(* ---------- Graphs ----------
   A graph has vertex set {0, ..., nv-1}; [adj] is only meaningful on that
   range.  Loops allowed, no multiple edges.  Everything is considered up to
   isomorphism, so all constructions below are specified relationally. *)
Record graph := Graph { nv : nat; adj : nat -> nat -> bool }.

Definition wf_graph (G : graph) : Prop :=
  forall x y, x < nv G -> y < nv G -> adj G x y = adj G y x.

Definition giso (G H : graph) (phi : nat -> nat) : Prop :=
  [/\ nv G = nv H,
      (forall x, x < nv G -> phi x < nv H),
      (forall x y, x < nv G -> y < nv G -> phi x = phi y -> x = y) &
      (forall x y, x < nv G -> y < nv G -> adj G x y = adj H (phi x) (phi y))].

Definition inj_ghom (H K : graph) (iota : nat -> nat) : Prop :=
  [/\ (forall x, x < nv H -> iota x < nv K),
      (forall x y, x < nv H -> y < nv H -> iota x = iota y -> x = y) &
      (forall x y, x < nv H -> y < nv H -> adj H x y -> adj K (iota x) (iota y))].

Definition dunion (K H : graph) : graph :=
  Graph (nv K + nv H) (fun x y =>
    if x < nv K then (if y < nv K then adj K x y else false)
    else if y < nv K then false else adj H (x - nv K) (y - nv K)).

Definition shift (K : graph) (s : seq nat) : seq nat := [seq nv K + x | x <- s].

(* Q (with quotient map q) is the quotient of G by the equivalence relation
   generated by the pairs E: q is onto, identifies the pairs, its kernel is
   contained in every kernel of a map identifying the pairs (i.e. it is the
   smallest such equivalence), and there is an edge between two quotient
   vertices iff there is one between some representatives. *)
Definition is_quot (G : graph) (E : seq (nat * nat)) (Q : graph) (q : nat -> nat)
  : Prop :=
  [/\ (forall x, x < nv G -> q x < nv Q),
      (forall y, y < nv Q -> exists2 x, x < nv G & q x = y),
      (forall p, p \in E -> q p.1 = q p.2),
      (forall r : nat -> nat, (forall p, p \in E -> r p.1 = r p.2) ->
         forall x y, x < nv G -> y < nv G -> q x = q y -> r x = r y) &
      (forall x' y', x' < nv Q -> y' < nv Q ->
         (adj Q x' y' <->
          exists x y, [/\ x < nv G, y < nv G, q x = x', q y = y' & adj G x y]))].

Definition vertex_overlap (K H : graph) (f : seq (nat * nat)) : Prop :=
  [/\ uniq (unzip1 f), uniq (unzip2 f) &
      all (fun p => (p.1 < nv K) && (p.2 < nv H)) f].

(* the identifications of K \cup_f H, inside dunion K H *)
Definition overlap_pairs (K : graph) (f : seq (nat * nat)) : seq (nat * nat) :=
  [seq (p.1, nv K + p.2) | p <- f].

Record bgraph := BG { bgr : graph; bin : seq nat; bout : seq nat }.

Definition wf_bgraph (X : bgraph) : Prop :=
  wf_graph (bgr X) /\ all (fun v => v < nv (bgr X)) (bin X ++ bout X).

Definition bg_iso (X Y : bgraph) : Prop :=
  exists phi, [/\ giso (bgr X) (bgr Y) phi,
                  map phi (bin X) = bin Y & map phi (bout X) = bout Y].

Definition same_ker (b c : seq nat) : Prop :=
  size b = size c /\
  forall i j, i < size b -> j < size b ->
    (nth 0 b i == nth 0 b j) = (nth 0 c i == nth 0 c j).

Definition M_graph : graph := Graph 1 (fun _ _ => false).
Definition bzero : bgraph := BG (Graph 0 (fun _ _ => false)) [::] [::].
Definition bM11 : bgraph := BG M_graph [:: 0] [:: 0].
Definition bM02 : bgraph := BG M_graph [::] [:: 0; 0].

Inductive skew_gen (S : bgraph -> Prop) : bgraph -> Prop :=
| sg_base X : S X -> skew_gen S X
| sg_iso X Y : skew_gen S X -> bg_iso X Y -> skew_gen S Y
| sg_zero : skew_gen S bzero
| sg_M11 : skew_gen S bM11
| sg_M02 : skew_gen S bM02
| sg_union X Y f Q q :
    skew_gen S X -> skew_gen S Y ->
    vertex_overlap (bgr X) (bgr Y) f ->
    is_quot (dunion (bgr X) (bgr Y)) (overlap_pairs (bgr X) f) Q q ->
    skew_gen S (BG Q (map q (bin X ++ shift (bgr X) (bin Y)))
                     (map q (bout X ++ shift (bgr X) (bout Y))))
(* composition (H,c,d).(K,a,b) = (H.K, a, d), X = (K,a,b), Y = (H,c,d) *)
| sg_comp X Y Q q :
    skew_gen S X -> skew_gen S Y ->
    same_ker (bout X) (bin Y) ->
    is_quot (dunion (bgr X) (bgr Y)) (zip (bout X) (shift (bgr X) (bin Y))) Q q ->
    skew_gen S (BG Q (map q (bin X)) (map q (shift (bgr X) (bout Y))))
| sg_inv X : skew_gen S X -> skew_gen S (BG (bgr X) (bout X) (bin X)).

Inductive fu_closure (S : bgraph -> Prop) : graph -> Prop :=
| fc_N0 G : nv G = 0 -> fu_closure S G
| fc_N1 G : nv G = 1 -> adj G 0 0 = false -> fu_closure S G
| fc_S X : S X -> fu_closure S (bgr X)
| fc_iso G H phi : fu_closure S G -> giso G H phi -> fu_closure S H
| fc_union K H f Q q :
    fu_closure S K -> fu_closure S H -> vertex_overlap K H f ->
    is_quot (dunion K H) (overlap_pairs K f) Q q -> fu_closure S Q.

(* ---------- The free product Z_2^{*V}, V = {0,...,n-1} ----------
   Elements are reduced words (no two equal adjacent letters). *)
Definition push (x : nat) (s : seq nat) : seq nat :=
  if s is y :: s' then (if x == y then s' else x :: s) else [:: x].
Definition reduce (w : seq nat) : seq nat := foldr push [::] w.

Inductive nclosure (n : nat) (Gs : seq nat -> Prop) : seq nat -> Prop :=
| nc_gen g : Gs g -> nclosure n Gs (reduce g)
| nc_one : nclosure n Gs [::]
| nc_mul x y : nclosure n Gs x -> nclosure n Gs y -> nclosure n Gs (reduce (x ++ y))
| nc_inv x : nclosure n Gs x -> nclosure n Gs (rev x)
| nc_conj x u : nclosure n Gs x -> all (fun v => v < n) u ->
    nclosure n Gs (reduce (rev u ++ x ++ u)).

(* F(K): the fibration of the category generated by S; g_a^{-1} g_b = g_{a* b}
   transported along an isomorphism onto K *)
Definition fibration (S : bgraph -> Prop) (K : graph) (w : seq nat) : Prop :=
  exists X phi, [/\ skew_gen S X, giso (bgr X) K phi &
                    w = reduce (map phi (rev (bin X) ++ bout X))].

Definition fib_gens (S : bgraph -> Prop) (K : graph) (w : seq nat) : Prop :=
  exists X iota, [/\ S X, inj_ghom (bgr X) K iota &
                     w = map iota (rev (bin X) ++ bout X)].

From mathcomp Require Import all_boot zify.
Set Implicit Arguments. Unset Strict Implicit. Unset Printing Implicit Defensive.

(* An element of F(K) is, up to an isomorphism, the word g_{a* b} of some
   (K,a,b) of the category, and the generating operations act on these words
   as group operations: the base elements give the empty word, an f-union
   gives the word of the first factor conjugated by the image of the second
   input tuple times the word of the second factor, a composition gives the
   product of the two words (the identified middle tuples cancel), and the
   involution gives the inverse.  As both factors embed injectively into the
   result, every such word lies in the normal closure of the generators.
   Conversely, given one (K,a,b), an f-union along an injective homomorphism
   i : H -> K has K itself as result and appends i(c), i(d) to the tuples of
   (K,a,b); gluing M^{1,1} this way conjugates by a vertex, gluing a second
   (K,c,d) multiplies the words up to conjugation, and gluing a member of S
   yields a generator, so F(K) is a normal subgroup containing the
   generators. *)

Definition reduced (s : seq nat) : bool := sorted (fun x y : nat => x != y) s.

==

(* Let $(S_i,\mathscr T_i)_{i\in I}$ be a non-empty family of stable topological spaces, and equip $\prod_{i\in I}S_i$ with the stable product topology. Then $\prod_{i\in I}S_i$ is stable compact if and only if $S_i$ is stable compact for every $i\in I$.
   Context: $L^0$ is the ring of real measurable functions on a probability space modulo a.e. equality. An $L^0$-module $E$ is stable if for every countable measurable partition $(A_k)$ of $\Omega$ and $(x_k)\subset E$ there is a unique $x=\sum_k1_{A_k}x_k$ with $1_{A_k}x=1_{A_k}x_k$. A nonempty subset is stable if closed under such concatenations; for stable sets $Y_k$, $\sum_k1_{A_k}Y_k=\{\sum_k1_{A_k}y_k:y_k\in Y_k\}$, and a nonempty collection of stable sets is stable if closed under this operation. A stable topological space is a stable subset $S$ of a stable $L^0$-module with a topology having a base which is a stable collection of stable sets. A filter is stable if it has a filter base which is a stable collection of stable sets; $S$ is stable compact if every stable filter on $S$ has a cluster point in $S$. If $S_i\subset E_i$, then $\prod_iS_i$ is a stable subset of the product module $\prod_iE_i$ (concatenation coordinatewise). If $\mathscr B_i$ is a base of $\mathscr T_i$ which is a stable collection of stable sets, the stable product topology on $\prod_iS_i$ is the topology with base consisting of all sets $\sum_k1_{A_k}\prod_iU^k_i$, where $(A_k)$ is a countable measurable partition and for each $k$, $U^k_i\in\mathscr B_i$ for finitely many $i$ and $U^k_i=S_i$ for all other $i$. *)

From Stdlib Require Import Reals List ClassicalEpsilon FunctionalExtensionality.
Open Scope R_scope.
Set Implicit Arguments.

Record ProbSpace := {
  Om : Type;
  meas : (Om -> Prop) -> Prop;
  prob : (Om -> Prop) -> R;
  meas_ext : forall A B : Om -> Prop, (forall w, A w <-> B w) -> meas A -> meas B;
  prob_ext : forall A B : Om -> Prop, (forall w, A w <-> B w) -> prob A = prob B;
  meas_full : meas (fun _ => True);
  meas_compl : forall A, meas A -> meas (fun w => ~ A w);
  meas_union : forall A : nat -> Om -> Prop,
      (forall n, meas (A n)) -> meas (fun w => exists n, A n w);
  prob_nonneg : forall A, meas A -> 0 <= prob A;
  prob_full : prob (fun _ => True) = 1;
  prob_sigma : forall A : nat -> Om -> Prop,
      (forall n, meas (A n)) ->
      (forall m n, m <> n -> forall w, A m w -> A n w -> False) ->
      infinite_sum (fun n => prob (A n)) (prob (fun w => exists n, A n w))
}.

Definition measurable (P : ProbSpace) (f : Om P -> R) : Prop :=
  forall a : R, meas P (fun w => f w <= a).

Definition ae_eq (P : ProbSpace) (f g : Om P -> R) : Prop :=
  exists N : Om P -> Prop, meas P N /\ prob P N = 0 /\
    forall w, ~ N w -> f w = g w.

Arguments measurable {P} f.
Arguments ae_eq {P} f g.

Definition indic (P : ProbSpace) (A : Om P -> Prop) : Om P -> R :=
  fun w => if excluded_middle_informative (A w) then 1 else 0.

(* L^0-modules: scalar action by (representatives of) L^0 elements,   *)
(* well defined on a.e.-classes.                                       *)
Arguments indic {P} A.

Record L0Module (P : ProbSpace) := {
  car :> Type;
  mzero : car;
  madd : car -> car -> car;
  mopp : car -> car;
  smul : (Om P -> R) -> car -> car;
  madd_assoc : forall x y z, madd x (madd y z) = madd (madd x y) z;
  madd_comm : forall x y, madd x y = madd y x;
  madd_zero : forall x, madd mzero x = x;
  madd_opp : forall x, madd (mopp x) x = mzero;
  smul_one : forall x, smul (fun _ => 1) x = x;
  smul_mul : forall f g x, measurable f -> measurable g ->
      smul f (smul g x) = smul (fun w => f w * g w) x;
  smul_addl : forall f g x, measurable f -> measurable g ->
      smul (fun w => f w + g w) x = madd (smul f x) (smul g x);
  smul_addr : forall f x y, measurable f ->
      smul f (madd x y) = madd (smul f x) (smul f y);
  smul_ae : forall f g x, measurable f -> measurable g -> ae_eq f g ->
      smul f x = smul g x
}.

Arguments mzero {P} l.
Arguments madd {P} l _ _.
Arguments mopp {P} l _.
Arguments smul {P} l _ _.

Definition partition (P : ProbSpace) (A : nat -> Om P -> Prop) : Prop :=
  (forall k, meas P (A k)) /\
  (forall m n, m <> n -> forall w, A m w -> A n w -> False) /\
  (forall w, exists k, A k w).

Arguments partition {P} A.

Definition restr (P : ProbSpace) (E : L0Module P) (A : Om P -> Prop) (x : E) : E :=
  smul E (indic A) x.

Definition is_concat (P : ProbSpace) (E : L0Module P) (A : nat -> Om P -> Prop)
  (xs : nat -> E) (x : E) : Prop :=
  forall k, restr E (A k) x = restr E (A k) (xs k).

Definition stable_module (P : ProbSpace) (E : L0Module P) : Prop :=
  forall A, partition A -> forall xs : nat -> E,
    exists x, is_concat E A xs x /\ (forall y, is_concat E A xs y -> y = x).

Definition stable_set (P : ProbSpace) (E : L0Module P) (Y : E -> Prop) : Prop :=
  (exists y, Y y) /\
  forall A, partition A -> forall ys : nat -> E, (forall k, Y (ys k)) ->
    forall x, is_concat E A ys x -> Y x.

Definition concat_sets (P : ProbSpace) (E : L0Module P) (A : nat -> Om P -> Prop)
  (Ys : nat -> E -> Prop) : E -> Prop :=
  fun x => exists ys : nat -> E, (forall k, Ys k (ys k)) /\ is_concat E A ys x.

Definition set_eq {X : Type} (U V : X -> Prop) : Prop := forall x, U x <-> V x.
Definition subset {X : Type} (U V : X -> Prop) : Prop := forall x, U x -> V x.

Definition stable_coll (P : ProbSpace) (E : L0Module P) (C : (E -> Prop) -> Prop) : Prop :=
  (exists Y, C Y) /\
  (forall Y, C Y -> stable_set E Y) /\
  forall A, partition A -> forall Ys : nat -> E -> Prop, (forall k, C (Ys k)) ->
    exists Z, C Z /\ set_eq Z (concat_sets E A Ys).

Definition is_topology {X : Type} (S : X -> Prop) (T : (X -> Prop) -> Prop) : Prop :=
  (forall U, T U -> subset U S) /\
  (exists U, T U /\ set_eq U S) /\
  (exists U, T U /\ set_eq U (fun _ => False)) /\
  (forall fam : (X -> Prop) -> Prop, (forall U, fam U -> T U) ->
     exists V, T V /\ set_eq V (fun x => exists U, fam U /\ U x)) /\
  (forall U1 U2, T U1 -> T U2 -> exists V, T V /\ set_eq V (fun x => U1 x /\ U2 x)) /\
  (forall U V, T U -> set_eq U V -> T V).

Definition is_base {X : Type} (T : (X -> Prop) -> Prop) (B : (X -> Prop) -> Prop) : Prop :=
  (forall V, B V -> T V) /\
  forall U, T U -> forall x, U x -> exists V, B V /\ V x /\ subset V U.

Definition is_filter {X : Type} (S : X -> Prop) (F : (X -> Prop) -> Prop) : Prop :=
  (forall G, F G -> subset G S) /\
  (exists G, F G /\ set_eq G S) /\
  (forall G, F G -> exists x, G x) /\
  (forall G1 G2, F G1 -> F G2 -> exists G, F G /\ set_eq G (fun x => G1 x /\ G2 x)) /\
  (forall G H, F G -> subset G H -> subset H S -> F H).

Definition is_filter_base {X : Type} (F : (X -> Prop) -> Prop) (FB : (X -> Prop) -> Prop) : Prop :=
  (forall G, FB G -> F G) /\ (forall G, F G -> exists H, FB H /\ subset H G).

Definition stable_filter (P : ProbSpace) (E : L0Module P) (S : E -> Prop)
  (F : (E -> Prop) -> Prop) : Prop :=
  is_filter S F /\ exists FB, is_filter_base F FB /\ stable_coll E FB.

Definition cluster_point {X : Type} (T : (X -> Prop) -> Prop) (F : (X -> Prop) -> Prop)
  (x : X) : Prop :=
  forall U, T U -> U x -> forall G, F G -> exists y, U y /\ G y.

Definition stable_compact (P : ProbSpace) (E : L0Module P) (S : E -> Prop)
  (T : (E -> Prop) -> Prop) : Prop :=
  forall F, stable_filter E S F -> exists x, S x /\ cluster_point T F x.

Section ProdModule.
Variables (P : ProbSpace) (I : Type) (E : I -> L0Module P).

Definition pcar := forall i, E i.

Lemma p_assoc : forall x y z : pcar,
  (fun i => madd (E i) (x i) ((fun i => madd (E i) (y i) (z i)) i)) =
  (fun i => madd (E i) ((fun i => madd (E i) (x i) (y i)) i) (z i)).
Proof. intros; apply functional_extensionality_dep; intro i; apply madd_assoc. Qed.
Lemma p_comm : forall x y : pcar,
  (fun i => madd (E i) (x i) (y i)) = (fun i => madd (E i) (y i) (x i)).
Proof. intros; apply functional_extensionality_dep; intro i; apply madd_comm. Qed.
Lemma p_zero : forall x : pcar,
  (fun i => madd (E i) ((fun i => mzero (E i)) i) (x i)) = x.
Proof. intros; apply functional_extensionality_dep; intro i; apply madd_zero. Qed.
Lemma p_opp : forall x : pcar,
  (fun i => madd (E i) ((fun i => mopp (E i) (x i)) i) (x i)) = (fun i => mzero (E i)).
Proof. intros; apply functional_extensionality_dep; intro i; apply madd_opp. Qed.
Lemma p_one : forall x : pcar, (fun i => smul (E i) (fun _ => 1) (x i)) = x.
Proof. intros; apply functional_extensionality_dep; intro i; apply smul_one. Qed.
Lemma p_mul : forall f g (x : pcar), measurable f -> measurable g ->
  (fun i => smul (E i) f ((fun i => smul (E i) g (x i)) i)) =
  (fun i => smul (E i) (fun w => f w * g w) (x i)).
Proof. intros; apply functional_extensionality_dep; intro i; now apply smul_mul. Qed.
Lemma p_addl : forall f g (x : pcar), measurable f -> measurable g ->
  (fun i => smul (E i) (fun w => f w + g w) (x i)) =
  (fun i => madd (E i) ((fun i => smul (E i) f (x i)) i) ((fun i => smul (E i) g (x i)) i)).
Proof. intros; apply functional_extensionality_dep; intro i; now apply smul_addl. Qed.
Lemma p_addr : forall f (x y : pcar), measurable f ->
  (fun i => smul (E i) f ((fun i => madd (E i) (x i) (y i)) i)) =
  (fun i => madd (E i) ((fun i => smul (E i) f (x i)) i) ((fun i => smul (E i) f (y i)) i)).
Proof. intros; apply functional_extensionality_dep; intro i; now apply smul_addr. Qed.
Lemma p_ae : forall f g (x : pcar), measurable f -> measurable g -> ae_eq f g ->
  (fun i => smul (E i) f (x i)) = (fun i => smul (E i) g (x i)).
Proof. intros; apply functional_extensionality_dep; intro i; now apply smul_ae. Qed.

• _Aim of the task_:
Copy out, exactly and alone, the lines of the entries above between the ones holding "(* ---------- Graphs" and "Definition wf_graph (G", inclusive.

• _Exercise output_:
(* ---------- Graphs ----------
   A graph has vertex set {0, ..., nv-1}; [adj] is only meaningful on that
   range.  Loops allowed, no multiple edges.  Everything is considered up to
   isomorphism, so all constructions below are specified relationally. *)
Record graph := Graph { nv : nat; adj : nat -> nat -> bool }.

Definition wf_graph (G : graph) : Prop :=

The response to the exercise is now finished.